Изменить стиль страницы

Ну и намучился Сапелкин с тем шмотьем! Правление выделило ему трех помощников. Мужики оказались пронырливыми. Любителя женской галантереи нашли на другом конце России, аж на Чукотке. Правда, предлагаемый в обмен товар тоже был «специфичным». За исподнее бельишко полярные бизнесмены предлагали звено американских бомбардировщиков типа «Стэлс», которые в свое время отличились в боях под небом Ирака. Хорошо еще, что самолеты были в разобранном виде: колхоз их завозить не стал, а просто по Интернету (заочно) обменяли на бумажники и косметички из рыбьей кожи, которые вырабатывают по соседству, в областном центре.

Казалось, конца не будет бартерной цепочке. Был и такой вариант. Туристическая фирма предложила мухоудеровцам пакет (в полторы тысячи штук) двухнедельных путевок на Канарские острова с заездом в Монте-Карло. В таком разе из поля зрения местной администрации исчезала значительная часть трудоспособного населения. Оно же могло не только задержаться, но и не возвратиться. Скандал на всю область. А главное – кто бы налоги платил в государственную казну.

Наконец свершилось. Дистрибьютер Дурнев (разговор велся по сотовому телефону) предложил за шальные путевки партию сахарного песку.
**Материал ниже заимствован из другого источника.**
(* Let $(D_i)_{i\in\mathbb N}$ be a sequence of nontrivial discrete groups, $G=\prod_{i\in\mathbb N}D_i$ with the product topology, and $H=\{g\in G:\{i:g(i)\neq e_{D_i}\}\text{ finite}\}$ with the topology induced from $G$. Then: (1) every sequence in $G$ converging to the neutral element $e$ is hyper-multipliable in $G$ (in particular hyper-converging); (2) every sequence in $H$ which is super-multipliable in $H$ is eventually neutral; (3) every sequence in $H$ which is hyper-multipliable in $H$ is eventually neutral.
   Context: $\prod_{k=1}^n a_k=a_1\cdots a_n$. A sequence $(g_n)$ in a topological group with neutral element $e$ is: eventually neutral if $\{n:g_n\ne e\}$ is finite; hyper-multipliable if for every integer sequence $(m_n)$, $\left(\prod_{k=1}^n g_k^{m_k}\right)_n$ converges in the group; super-multipliable if the same holds for all $(m_n)$ with values in $\{0,1\}$; hyper-converging if $g_n^{m_n}\to e$ for every integer sequence $(m_n)$. *)

From Stdlib Require Import ZArith List.
Import ListNotations.
Open Scope Z_scope.

(* A group (no topology: each D_i carries the discrete topology). *)
Record Grp := {
  carrier :> Type;
  gmul : carrier -> carrier -> carrier;
  ginv : carrier -> carrier;
  gone : carrier;
  gmul_assoc : forall x y z, gmul x (gmul y z) = gmul (gmul x y) z;
  gmul_1l : forall x, gmul gone x = x;
  gmul_Vl : forall x, gmul (ginv x) x = gone
}.

Arguments gmul {_} _ _.
Arguments ginv {_} _.
Arguments gone {_}.

Definition nontrivial (D : Grp) : Prop := exists x : D, x <> gone.

Fixpoint gpow {D : Grp} (x : D) (n : nat) : D :=
  match n with O => gone | S k => gmul (gpow x k) x end.

Definition zpow {D : Grp} (x : D) (z : Z) : D :=
  match z with
  | Z0 => gone
  | Zpos p => gpow x (Pos.to_nat p)
  | Zneg p => ginv (gpow x (Pos.to_nat p))
  end.

Section Product.
Variable D : nat -> Grp.

Definition PG : Type := forall i : nat, D i.
Definition pmul (x y : PG) : PG := fun i => gmul (x i) (y i).
Definition pone : PG := fun i => gone.
Definition pzpow (x : PG) (z : Z) : PG := fun i => zpow (x i) z.

Definition inH (x : PG) : Prop :=
  exists l : list nat, forall i, x i <> gone -> In i l.

(* Convergence in the product topology of discrete spaces: every basic
   neighbourhood of x (fixing finitely many coordinates, listed in F)
   eventually contains the sequence. *)
Definition conv (s : nat -> PG) (x : PG) : Prop :=
  forall F : list nat, exists N : nat, forall n, (N <= n)%nat ->
    forall i, In i F -> s n i = x i.

Fixpoint pprod (g : nat -> PG) (m : nat -> Z) (n : nat) : PG :=
  match n with
  | O => pone
  | S k => pmul (pprod g m k) (pzpow (g k) (m k))
  end.

Definition eventually_neutral (g : nat -> PG) : Prop :=
  exists l : list nat, forall n, g n <> pone -> In n l.

Definition hyper_mult_G (g : nat -> PG) : Prop :=
  forall m : nat -> Z, exists x : PG, conv (pprod g m) x.

Definition hyper_conv_G (g : nat -> PG) : Prop :=
  forall m : nat -> Z, conv (fun n => pzpow (g n) (m n)) pone.

(* in H (induced topology: the limit must lie in H) *)
Definition hyper_mult_H (g : nat -> PG) : Prop :=
  forall m : nat -> Z, exists x : PG, inH x /\ conv (pprod g m) x.

Definition super_mult_H (g : nat -> PG) : Prop :=
  forall m : nat -> Z, (forall n, m n = 0 \/ m n = 1) ->
    exists x : PG, inH x /\ conv (pprod g m) x.
End Product.

(* (1) If g_n -> e in G then at every coordinate i only finitely many g_n are
       non-neutral, so every partial product g_0^{m_0} ... g_{n-1}^{m_{n-1}} is
       eventually constant at coordinate i; a sequence that is eventually
       constant at each coordinate converges.  Hyper-convergence is immediate.
   (2) If g is super-multipliable in H then (taking all m_n = 1) the factors
       tend to e.  If moreover g is not eventually neutral, a sliding-hump
       construction yields indices n_0 < n_1 < ... and coordinates i_k with
       g_{n_k}(i_k) <> e and g_{n_j}(i_k) = e for j <> k.  Multiplying exactly
       the g_{n_k} gives partial products whose limit is non-neutral at every
       (pairwise distinct) coordinate i_k, hence not in H: a contradiction.
   (3) Hyper-multipliability implies super-multipliability. *)

From Stdlib Require Import ZArith List Lia Classical ClassicalEpsilon
  FunctionalExtensionality FinFun.
Import ListNotations.

Section GroupFacts.
Variable G : Grp.

Lemma mul_left_cancel_one (a b : G) : gmul a b = a -> b = gone.
Proof.
  intro H. transitivity (gmul (gmul (ginv a) a) b).
  - rewrite gmul_Vl. symmetry. apply gmul_1l.
  - rewrite <- gmul_assoc, H. apply gmul_Vl.
Qed.

Lemma gmul_Vr (x : G) : gmul x (ginv x) = gone.
Proof.
  rewrite <- (gmul_1l G (gmul x (ginv x))).
  rewrite <- (gmul_Vl G (ginv x)) at 1.
  rewrite <- gmul_assoc, (gmul_assoc G (ginv x) x (ginv x)), gmul_Vl, gmul_1l.
  apply gmul_Vl.
Qed.

Lemma gmul_1r (x : G) : gmul x gone = x.
Proof. rewrite <- (gmul_Vl G x), gmul_assoc, gmul_Vr. apply gmul_1l. Qed.

Lemma ginv_one : ginv (@gone G) = gone.
Proof. rewrite <- (gmul_1r (ginv gone)). apply gmul_Vl. Qed.

Lemma zpow_one_base (z : Z) : zpow (@gone G) z = gone.
Proof.
  assert (Hpow : forall n, gpow (@gone G) n = gone).
  { induction n as [|n IH]; simpl; [reflexivity|]. rewrite IH. apply gmul_1l. }
  destruct z; simpl; rewrite ?Hpow, ?ginv_one; reflexivity.
Qed.

Lemma zpow_exp1 (x : G) : zpow x 1%Z = x.
Proof. apply gmul_1l. Qed.

End GroupFacts.

Section Product.
Variable D : nat -> Grp.

Lemma conv_of_eventually_constant (s : nat -> PG D) (N : nat -> nat) :
  (forall i n, (N i <= n)%nat -> s n i = s (N i) i) ->
  conv D s (fun i => s (N i) i).
Proof.
  intros Hs F. induction F as [|i F [M HM]].
  - exists 0%nat. intros n _ j [].
  - exists (Nat.max (N i) M). intros n Hn j [<-|Hj].
    + apply Hs. lia.
    + apply HM; [lia|exact Hj].
Qed.

Lemma null_coordinatewise (g : nat -> PG D) :
  conv D g (pone D) ->
  forall i, exists N, forall k, (N <= k)%nat -> g k i = gone.
Proof.
  intros Hc i. destruct (Hc [i]) as [N HN].
  exists N. intros k Hk. apply (HN k Hk). now left.
Qed.

Lemma pprod_coord_stable (g : nat -> PG D) (m : nat -> Z) (i N : nat) :
  (forall k, (N <= k)%nat -> g k i = gone) ->
  forall n, (N <= n)%nat -> pprod D g m n i = pprod D g m N i.
Proof.
  intros Hg n Hn. induction Hn as [|n Hn IH]; [reflexivity|].
  cbn [pprod]. unfold pmul, pzpow.
  rewrite Hg by lia. rewrite zpow_one_base, gmul_1r. exact IH.
Qed.

Lemma null_hyper_mult (g : nat -> PG D) :
  conv D g (pone D) -> hyper_mult_G D g.
Proof.
  intros Hc m.
  destruct (choice _ (null_coordinatewise g Hc)) as [N HN].
  exists (fun i => pprod D g m (N i) i).
  apply conv_of_eventually_constant. intros i n Hn.
  exact (pprod_coord_stable g m i (N i) (HN i) n Hn).
Qed.

Lemma null_hyper_conv (g : nat -> PG D) :
  conv D g (pone D) -> hyper_conv_G D g.
Proof.
  intros Hc m F. destruct (Hc F) as [N HN]. exists N. intros n Hn i Hi.
  unfold pzpow. rewrite (HN n Hn i Hi). apply zpow_one_base.
Qed.

(* If the plain partial products g_0 ... g_{n-1} converge, then g_n -> e,
   since consecutive partial products eventually agree on each finite set. *)
Lemma factors_null (g : nat -> PG D) (x : PG D) :
  conv D (pprod D g (fun _ => 1%Z)) x -> conv D g (pone D).
Proof.
  intros Hx F. destruct (Hx F) as [N HN]. exists N. intros n Hn i Hi.
  pose proof (HN (S n) ltac:(lia) i Hi) as Hnext.
  cbn [pprod] in Hnext. unfold pmul, pzpow in Hnext.
  rewrite zpow_exp1, <- (HN n Hn i Hi) in Hnext.
  exact (mul_left_cancel_one _ _ _ Hnext).
Qed.

Lemma non_neutral_beyond (g : nat -> PG D) :
  ~ eventually_neutral D g ->
  forall N, exists p : nat * nat, (N <= fst p)%nat /\ g (fst p) (snd p) <> gone.
Proof.
  intros Hne N. apply NNPP. intro Hnone. apply Hne.
  exists (seq 0 N). intros n Hn. apply in_seq.
  split; [lia|]. destruct (Nat.lt_ge_cases n N) as [Hlt|Hge]; [lia|].
  exfalso. apply Hn. apply functional_extensionality_dep. intro i.
  apply NNPP. intro Hi. apply Hnone. now exists (n, i).
Qed.

Lemma pprod_single_factor (g : nat -> PG D) (m : nat -> Z) (i p : nat) :
  (forall n, n <> p -> zpow (g n i) (m n) = gone) ->
  forall n, pprod D g m n i =
            if (p <? n)%nat then zpow (g p i) (m p) else gone.
Proof.
  intros Hother n. induction n as [|n IH]; [reflexivity|].
  cbn [pprod]. unfold pmul, pzpow. rewrite IH.
  destruct (Nat.eq_dec n p) as [->|Hnp].
  - rewrite (proj2 (Nat.ltb_ge p p)), (proj2 (Nat.ltb_lt p (S p))) by lia.
    apply gmul_1l.
  - rewrite (Hother n Hnp), gmul_1r.
    destruct (Nat.ltb_spec p n), (Nat.ltb_spec p (S n)); reflexivity || lia.
Qed.

End Product.

Lemma injective_escapes_list (f : nat -> nat) (l : list nat) :
  Injective f -> ~ (forall k, In (f k) l).
Proof.
  intros Hinj Hin.
  assert (Hnd : NoDup (map f (seq 0 (S (length l))))).
  { apply Injective_map_NoDup; [exact Hinj|apply seq_NoDup]. }
  assert (Hincl : incl (map f (seq 0 (S (length l)))) l).
  { intros a Ha. apply in_map_iff in Ha. destruct Ha as [k [<- _]]. apply Hin. }
  pose proof (NoDup_incl_length Hnd Hincl) as Hlen.
  rewrite length_map, length_seq in Hlen. lia.
Qed.

(* The state after k steps records the
   coordinates already used (the supports of the chosen terms) and a lower
   bound for the next index.  The next term is taken far enough out to be
   neutral on all used coordinates, and non-neutral at some coordinate, which
   is therefore fresh. *)
Section SlidingHump.
Variable D : nat -> Grp.
Variable g : nat -> PG D.

(* [bound F]: beyond it all terms are neutral on F (g is null);
   [hump N]: an index >= N and a coordinate where that term is non-neutral;
   [supp n]: a finite list containing the support of g n (g n lies in H). *)
Variable bound : list nat -> nat.
Hypothesis bound_spec :
  forall F n, (bound F <= n)%nat -> forall i, In i F -> g n i = gone.
Variable hump : nat -> nat * nat.
Hypothesis hump_spec :
  forall N, (N <= fst (hump N))%nat /\ g (fst (hump N)) (snd (hump N)) <> gone.
Variable supp : nat -> list nat.
Hypothesis supp_spec : forall n i, g n i <> gone -> In i (supp n).

Definition hump_at (st : list nat * nat) : nat * nat :=
  hump (Nat.max (snd st) (bound (fst st))).

Definition hump_step (st : list nat * nat) : list nat * nat :=
  (supp (fst (hump_at st)) ++ fst st, S (fst (hump_at st))).

Definition hump_state (k : nat) : list nat * nat :=
  Nat.iter k hump_step ([], 0%nat).

Definition hump_index (k : nat) : nat := fst (hump_at (hump_state k)).
Definition hump_coord (k : nat) : nat := snd (hump_at (hump_state k)).
Definition used (k : nat) : list nat := fst (hump_state k).

Lemma hump_nonneutral k : g (hump_index k) (hump_coord k) <> gone.
Proof. apply hump_spec. Qed.

Lemma hump_neutral_on_used k i : In i (used k) -> g (hump_index k) i = gone.
Proof.
  apply bound_spec. unfold hump_index, hump_at, used.
  pose proof (proj1 (hump_spec (Nat.max (snd (hump_state k))
    (bound (fst (hump_state k)))))). lia.
Qed.

Lemma hump_index_increasing k : (hump_index k < hump_index (S k))%nat.
Proof.
  pose proof (proj1 (hump_spec (Nat.max (snd (hump_state (S k)))
    (bound (fst (hump_state (S k))))))) as H.
  unfold hump_index at 2, hump_at.
  change (snd (hump_state (S k))) with (S (hump_index k)) in H |- *. lia.
Qed.

Lemma used_mono k j : (k <= j)%nat -> incl (used k) (used j).
Proof.
  induction 1 as [|j _ IH]; [apply incl_refl|].
  unfold used at 2. cbn [hump_state Nat.iter]. apply incl_appr, IH.
Qed.

Lemma supp_hump_used k : incl (supp (hump_index k)) (used (S k)).
Proof. apply incl_appl, incl_refl. Qed.

Lemma humps_disjoint j k : j <> k -> g (hump_index j) (hump_coord k) = gone.
Proof.
  intro Hjk. destruct (Nat.lt_gt_cases j k) as [[Hlt|Hgt] _]; [exact Hjk| |].
  - apply NNPP. intro Hne. apply (hump_nonneutral k), hump_neutral_on_used.
    apply (used_mono (S j) k Hlt), supp_hump_used, supp_spec, Hne.
  - apply hump_neutral_on_used, (used_mono (S k) j Hgt), supp_hump_used.
    apply supp_spec, hump_nonneutral.
Qed.

End SlidingHump.

Lemma disjoint_humps (D : nat -> Grp) (g : nat -> PG D) :
  (forall n, inH D (g n)) -> conv D g (pone D) -> ~ eventually_neutral D g ->
  exists nk ik : nat -> nat,
    (forall k, (nk k < nk (S k))%nat) /\
    (forall k, g (nk k) (ik k) <> gone) /\
    (forall j k, j <> k -> g (nk j) (ik k) = gone).
Proof.
  intros Hsupp Hnull Hne.
  destruct (choice _ Hnull) as [bound Hbound].
  destruct (choice _ (non_neutral_beyond D g Hne)) as [hump Hhump].
  destruct (choice (fun n l => forall i, g n i <> gone -> In i l) Hsupp)
    as [supp Hsupp_spec].
  exists (hump_index bound hump supp), (hump_coord bound hump supp).
  repeat split.
  - eapply hump_index_increasing; eassumption.
  - eapply hump_nonneutral; eassumption.
  - eapply humps_disjoint; eassumption.
Qed.

Lemma humps_selection_leaves_H (D : nat -> Grp) (g : nat -> PG D)
    (nk ik : nat -> nat) :
  (forall k, (nk k < nk (S k))%nat) ->
  (forall k, g (nk k) (ik k) <> gone) ->
  (forall j k, j <> k -> g (nk j) (ik k) = gone) ->
  exists m : nat -> Z, (forall n, m n = 0%Z \/ m n = 1%Z) /\
    forall x, conv D (pprod D g m) x -> ~ inH D x.
Proof.
  intros Hincr Hhump Hdisj.
  assert (Hmono : forall j k, (j < k)%nat -> (nk j < nk k)%nat).
  { intros j k Hjk. induction Hjk as [|k _ IH]; [apply Hincr|].
    specialize (Hincr k). lia. }
  assert (Hinj : Injective nk).
  { intros j k E. destruct (Nat.lt_total j k) as [H|[H|H]];
      [apply Hmono in H; lia|exact H|apply Hmono in H; lia]. }
  set (m := fun n => if excluded_middle_informative (exists k, nk k = n)
                     then 1%Z else 0%Z).
  exists m. split.
  { intro n. unfold m. destruct (excluded_middle_informative _); auto. }
  assert (Hpprod : forall k n, pprod D g m n (ik k) =
            if (nk k <? n)%nat then g (nk k) (ik k) else gone).
  { intros k n. rewrite (pprod_single_factor D g m (ik k) (nk k)).
    - unfold m. destruct (excluded_middle_informative _) as [_|Hno].
      + now rewrite zpow_exp1.
      + exfalso. apply Hno. now exists k.
    - intros n' Hn'. unfold m. destruct (excluded_middle_informative _) as [[j <-]|_].
      + rewrite zpow_exp1. apply Hdisj. intro E. apply Hn'. now subst.
      + reflexivity. }
  intros x Hx [l Hl].
  apply (injective_escapes_list ik l).
  - intros j k E. destruct (Nat.eq_dec j k) as [|Hjk]; [assumption|].
    exfalso. apply (Hhump j). rewrite E. exact (Hdisj j k Hjk).
  - intro k. apply Hl. destruct (Hx [ik k]) as [N HN].
    rewrite <- (HN (Nat.max N (S (nk k))) ltac:(lia) (ik k) ltac:(now left)).
    rewrite Hpprod, (proj2 (Nat.ltb_lt _ _)) by lia. apply Hhump.
Qed.

Lemma super_mult_H_eventually_neutral (D : nat -> Grp) (g : nat -> PG D) :
  (forall n, inH D (g n)) -> super_mult_H D g -> eventually_neutral D g.
Proof.
  intros Hsupp Hsuper. apply NNPP. intro Hne.
  destruct (Hsuper (fun _ => 1%Z) (fun _ => or_intror eq_refl)) as [x [_ Hx]].
  destruct (disjoint_humps D g Hsupp (factors_null D g x Hx) Hne)
    as [nk [ik [Hincr [Hhump Hdisj]]]].
  destruct (humps_selection_leaves_H D g nk ik Hincr Hhump Hdisj) as [m [Hm Hout]].
  destruct (Hsuper m Hm) as [y [HyH Hy]].
  exact (Hout y Hy HyH).
Qed.

Theorem proposition2p4 (D : nat -> Grp) (hD : forall i, nontrivial (D i)) :
  (forall g : nat -> PG D, conv D g (pone D) ->
     hyper_mult_G D g /\ hyper_conv_G D g) /\
  (forall g : nat -> PG D, (forall n, inH D (g n)) ->
     super_mult_H D g -> eventually_neutral D g) /\
  (forall g : nat -> PG D, (forall n, inH D (g n)) ->
     hyper_mult_H D g -> eventually_neutral D g).
Proof.
  split; [|split].
  - intros g Hg. split; [exact (null_hyper_mult D g Hg)|exact (null_hyper_conv D g Hg)].
  - exact (super_mult_H_eventually_neutral D).
  - intros g Hsupp Hhyper. apply (super_mult_H_eventually_neutral D g Hsupp).
    intros m _. apply Hhyper.
Qed.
Председатель правления дрогнувшим голосом сказал, чтобы Сапелкин даже не торговался.

И вот оно, новое чудо! После долгого кружения по планете в Мухоудеровку вернулся тот же самый товар, с которым незадачливые колхозники вышли было на мировой рынок. Образовалась, правда, маленькая недостача. В партии не хватало четырех или пяти мешков. Но то была такая мелочь, в сравнении с тем, чем вообще рисковали. Сахар с ходу оприходовали и через день, к общей радости, раздали на трудодни. А уж конкретным продуктом всяк распорядился по собственному усмотрению. Если честно, в основном перегнали на самогон. И дело с концом.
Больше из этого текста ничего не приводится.